Reputation: 3650
I would like to speed up my calculations and obtain results without using loop in function m
. Reproducible example:
N <- 2500
n <- 500
r <- replicate(1000, sample(N, n))
m <- function(r, N) {
ic <- matrix(0, nrow = N, ncol = N)
for (i in 1:ncol(r)) {
p <- r[, i]
ic[p, p] <- ic[p, p] + 1
}
ic
}
system.time(ic <- m(r, N))
# user system elapsed
# 6.25 0.51 6.76
isSymmetric(ic)
# [1] TRUE
In every iteration of for
loop we are dealing with matrix not vector, so how this could be Vectorized?

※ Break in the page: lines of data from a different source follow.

(* For each d, the sum over b in S_q factors into complete sums over the
   coordinates b_k, each equal to q [q | d x_k a'_k + c_k]; hence |S_q| is at
   most the sum over d of prod_k q [q | d x_k a'_k + c_k].
   For fixed d the congruence in a'_k has at most gcd(x_k, q) solutions, so
   summing over a' gives at most q^2 prod_{k <> j0} q gcd(x_k, q), and moving
   the missing index from j0 to i0 costs one more factor q.  The weight
   w_eps is bounded and vanishes unless 1 < |x_i| < x_{i0} for i <> i0, so
   the sum over x is at most (2 x_{i0} d(q))^n, where d(q) is the number of
   divisors of q, since sum_{v <= N} gcd(v, q) <= N d(q).  Finally
   d(q)^n = O(q^eta). *)

Lemma dvdn_divn_gcd d a b : 0 < d -> d %| a * b -> d %/ gcdn d a %| b.
Proof.
move=> d_gt0 dv_ab; have g_gt0 : 0 < gcdn d a by rewrite gcdn_gt0 d_gt0.
rewrite -(@dvdn_pmul2l (gcdn d a)) // [X in X %| _]mulnC divnK ?dvdn_gcdl //.
by rewrite muln_gcdl dvdn_gcd dvdn_mulr.
Qed.

Notation ndivisors n := (size (divisors n)).

Lemma ndivisorsM a b : 0 < a -> 0 < b ->
  ndivisors (a * b) <= ndivisors a * ndivisors b.
Proof.
move=> a_gt0 b_gt0; rewrite -(size_allpairs muln).
apply: uniq_leq_size (divisors_uniq _) _ => d.
rewrite -dvdn_divisors ?muln_gt0 ?a_gt0 // => dv_ab.
have d_gt0 : 0 < d by apply: dvdn_gt0 dv_ab; rewrite muln_gt0 a_gt0.
rewrite -(divnK (dvdn_gcdl d a)) mulnC; apply/allpairsP.
exists (gcdn d a, d %/ gcdn d a) => /=.
by rewrite -!dvdn_divisors ?dvdn_gcdr ?dvdn_divn_gcd.
Qed.

Lemma ndivisors_pfactor p e : prime p -> ndivisors (p ^ e) <= e.+1.
Proof.
move=> p_pr; have <- : size [seq p ^ m | m <- iota 0 e.+1] = e.+1.
  by rewrite size_map size_iota.
apply: uniq_leq_size (divisors_uniq _) _ => d.
rewrite -dvdn_divisors ?expn_gt0 ?prime_gt0 // => /(dvdn_pfactor _ _ p_pr).
by case=> m le_me ->; rewrite map_f // mem_iota.
Qed.

Lemma ndivisors_prod (I : Type) (s : seq I) (F : I -> nat) :
  (forall i, 0 < F i) ->
  ndivisors (\prod_(i <- s) F i) <= \prod_(i <- s) ndivisors (F i).
Proof.
move=> F_gt0; elim: s => [|i s IHs]; first by rewrite !big_nil.
rewrite !big_cons; apply: leq_trans (ndivisorsM _ _) _; rewrite ?prodn_gt0 //.
by rewrite leq_mul2l IHs orbT.
Qed.

Lemma leq_expn2r m1 m2 e : m1 <= m2 -> m1 ^ e <= m2 ^ e.
Proof. by move=> le_m12; elim: e => // e IHe; rewrite !expnS leq_mul. Qed.

(* The factor k ^ k is only needed for the finitely many primes p < 2 ^ k. *)
Lemma succ_exp_le k p e : 0 < k -> 1 < p ->
  e.+1 ^ k <= (if p < 2 ^ k then k ^ k else 1) * p ^ e.
Proof.
move=> k_gt0 p_gt1; case: ifP => small_p.
  have le_e_k2 : e.+1 <= k * 2 ^ (e %/ k).
    apply: leq_trans (ltn_ceil _ k_gt0) _; rewrite mulnC leq_mul2l.
    by rewrite ltn_expl ?orbT.
  apply: leq_trans (leq_expn2r k le_e_k2) _.
  rewrite expnMn -expnM leq_mul2l; apply/orP; right.
  apply: leq_trans (_ : 2 ^ e <= _); first by rewrite leq_pexp2l // leq_divM.
  exact: leq_expn2r.
rewrite mul1n; apply: leq_trans (leq_expn2r k (ltn_expl e (ltnSn 1))) _.
by rewrite -expnM mulnC expnM leq_expn2r // leqNgt small_p.
Qed.
Lemma finite_APC_family_near_images {T M M' : Type} (d : M -> M -> R)
  (d' : M' -> M' -> R) (f : T -> M -> M') (D : R) :
  is_metric d' ->
  (forall r, exists S, forall t x y, d x y <= r -> d' (f t x) (f t y) <= S) ->
  (forall r, exists S, forall t x y, d' (f t x) (f t y) <= r -> d x y <= S) ->
  forall X, finite_APC_family d X -> finite_APC_family d' (near_images d' f D X).
Proof.
  intros [_ [_ [Hsym Htri]]] Hborn Hprop. destruct (choice _ Hprop) as [sigma Hsigma].
  apply finite_APC_family_ind'.
  - intros X [b Hb]. destruct (Hborn b) as [S HS]. apply APC_bounded.
    exists (D + S + D). intros C [t [A [HA HC]]] c c' Hc Hc'.
    destruct (HC c Hc) as [a [Ha Hca]]. destruct (HC c' Hc') as [a' [Ha' Hca']].
    pose proof (HS t a a' (Hb A HA a a' Ha Ha')).
    pose proof (Htri c (f t a) c'). pose proof (Htri (f t a) (f t a') c').
    rewrite (Hsym (f t a') c') in *. lra.
  - intros X HX. apply APC_step. intros Rs.
    destruct (HX (fun j => sigma (Rs j + 2 * D))) as [Y [_ [IH [k Hk]]]].
    exists (near_images d' f D Y). split; [exact IH|].
    exists k. intros C [t [A [HA HC]]]. destruct (Hk A HA) as [U [HUY [HUdisj HUcover]]].
    set (shadow := fun B c => C c /\ exists b, B b /\ d' c (f t b) <= D).
    exists (fun j C' => exists B, U j B /\ C' = shadow B). split; [|split].
    + intros j Hj C' [B [HB ->]]. destruct (HUY j Hj B HB) as [HYB _]. split.
      * exists t, B. split; [assumption|]. intros c [_ Hc]. exact Hc.
      * intros c [Hc _]. exact Hc.
    + intros j Hj C1 C2 [B [HB ->]] [B' [HB' ->]] Hne x y
        [_ [b [Hb Hxb]]] [_ [b' [Hb' Hyb]]].
      assert (HBB' : B <> B') by (intros <-; apply Hne; reflexivity).
      specialize (HUdisj j Hj B B' HB HB' HBB' b b' Hb Hb').
      destruct (Rle_or_lt (d' x y) (Rs j)) as [Hle|Hgt]; [|lra].
      assert (Hbb' : d' (f t b) (f t b') <= Rs j + 2 * D).
      { pose proof (Htri (f t b) x (f t b')). pose proof (Htri x y (f t b')).
        rewrite (Hsym (f t b) x) in *. lra. }
      specialize (Hsigma _ t b b' Hbb'). lra.
    + intros c Hc. destruct (HC c Hc) as [a [Ha Hca]].
      destruct (HUcover a Ha) as [j [B [Hj [HB HBa]]]].
      exists j, (shadow B). repeat split; auto.
      * exists B. auto.
      * exists a. auto.
Qed.

Theorem theorem4p8 (K G H : Group) (i : K -> G) (p : G -> H)
  (dK : K -> K -> R) (dG : G -> G -> R) (dH : H -> H -> R) :
  countable_group K -> countable_group G -> countable_group H ->
  short_exact i p ->
  proper_left_invariant_metric dK ->
  proper_left_invariant_metric dG ->
  proper_left_invariant_metric dH ->
  finite_APC dK -> finite_APC dH -> finite_APC dG.
Proof.
  intros _ _ _ Hses [mK [pK lK]] [mG [pG lG]] [mH [pH lH]]
    [FK [FK_total FK_apc]] [FH [FH_total FH_apc]].
  pose proof Hses as [hi [hp [iinj _]]].
  exists (preimage_family p FH). split; [exists (fun _ => True); auto|].
  apply (finite_APC_family_preimage dG dH p (hom_bornologous dG dH p pG lG lH hp));
    [|exact FH_apc].
  intros Z [b Hb].
  destruct (bounded_preimage_near_coset i p dG dH Hses lG pH lH b) as [D HD].
  apply (finite_APC_family_subfamily dG
           (near_images dG (fun t k => gmul t (i k)) D FK)).
  - apply (finite_APC_family_near_images dK); [exact mG | | | exact FK_apc]; intros r.
    + destruct (hom_bornologous dK dG i pK lK lG hi r) as [S HS].
      exists S. intros t x y Hxy. rewrite lG. auto.
    + destruct (injective_hom_effectively_proper dK dG i pG lG lK hi iinj r) as [S HS].
      exists S. intros t x y Hxy. rewrite lG in Hxy. auto.
  - intros A [B [HB HA]].
    destruct (HD A) as [t Ht]; [intros x y Hx Hy; apply (Hb B); auto|].
    exists t, (fun _ => True). split; [assumption|].
    intros a Ha. destruct (Ht a Ha) as [k Hk]. exists k. auto.
Qed.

@joel.wilson The purpose of this function is to calculate pairwise frequencies of elements. So afterwards we could estimate pairwise inclusion probabilities.
Thanks to @Khashaa and @alexis_laz. Benchmarks:
> require(rbenchmark)
> benchmark(m(r, N),
+ m1(r, N),
+ mvec(r, N),
+ alexis(r, N),
+ replications = 10, order = "elapsed")
test replications elapsed relative user.self sys.self user.child sys.child
4 alexis(r, N) 10 4.73 1.000 4.63 0.11 NA NA
3 mvec(r, N) 10 5.36 1.133 5.18 0.18 NA NA
2 m1(r, N) 10 5.48 1.159 5.29 0.19 NA NA
1 m(r, N) 10 61.41 12.983 60.43 0.90 NA NA
Upvotes: 7
Views: 438
Reputation: 7373
This should be significantly faster as it avoids operations on double indexing
m1 <- function(r, N) {
ic <- matrix(0, nrow = N, ncol=ncol(r))
for (i in 1:ncol(r)) {
p <- r[, i]
ic[, i][p] <- 1
}
tcrossprod(ic)
}
system.time(ic1 <- m1(r, N))
# user system elapsed
# 0.53 0.01 0.55
all.equal(ic, ic1)
# [1] TRUE
Simple "counting/adding" operations can almost always be vectorized
mvec <- function(r, N) {
ic <- matrix(0, nrow = N, ncol=ncol(r))
i <- rep(1:ncol(r), each=nrow(r))
ic[cbind(as.vector(r), i)] <- 1
tcrossprod(ic)
}
Upvotes: 7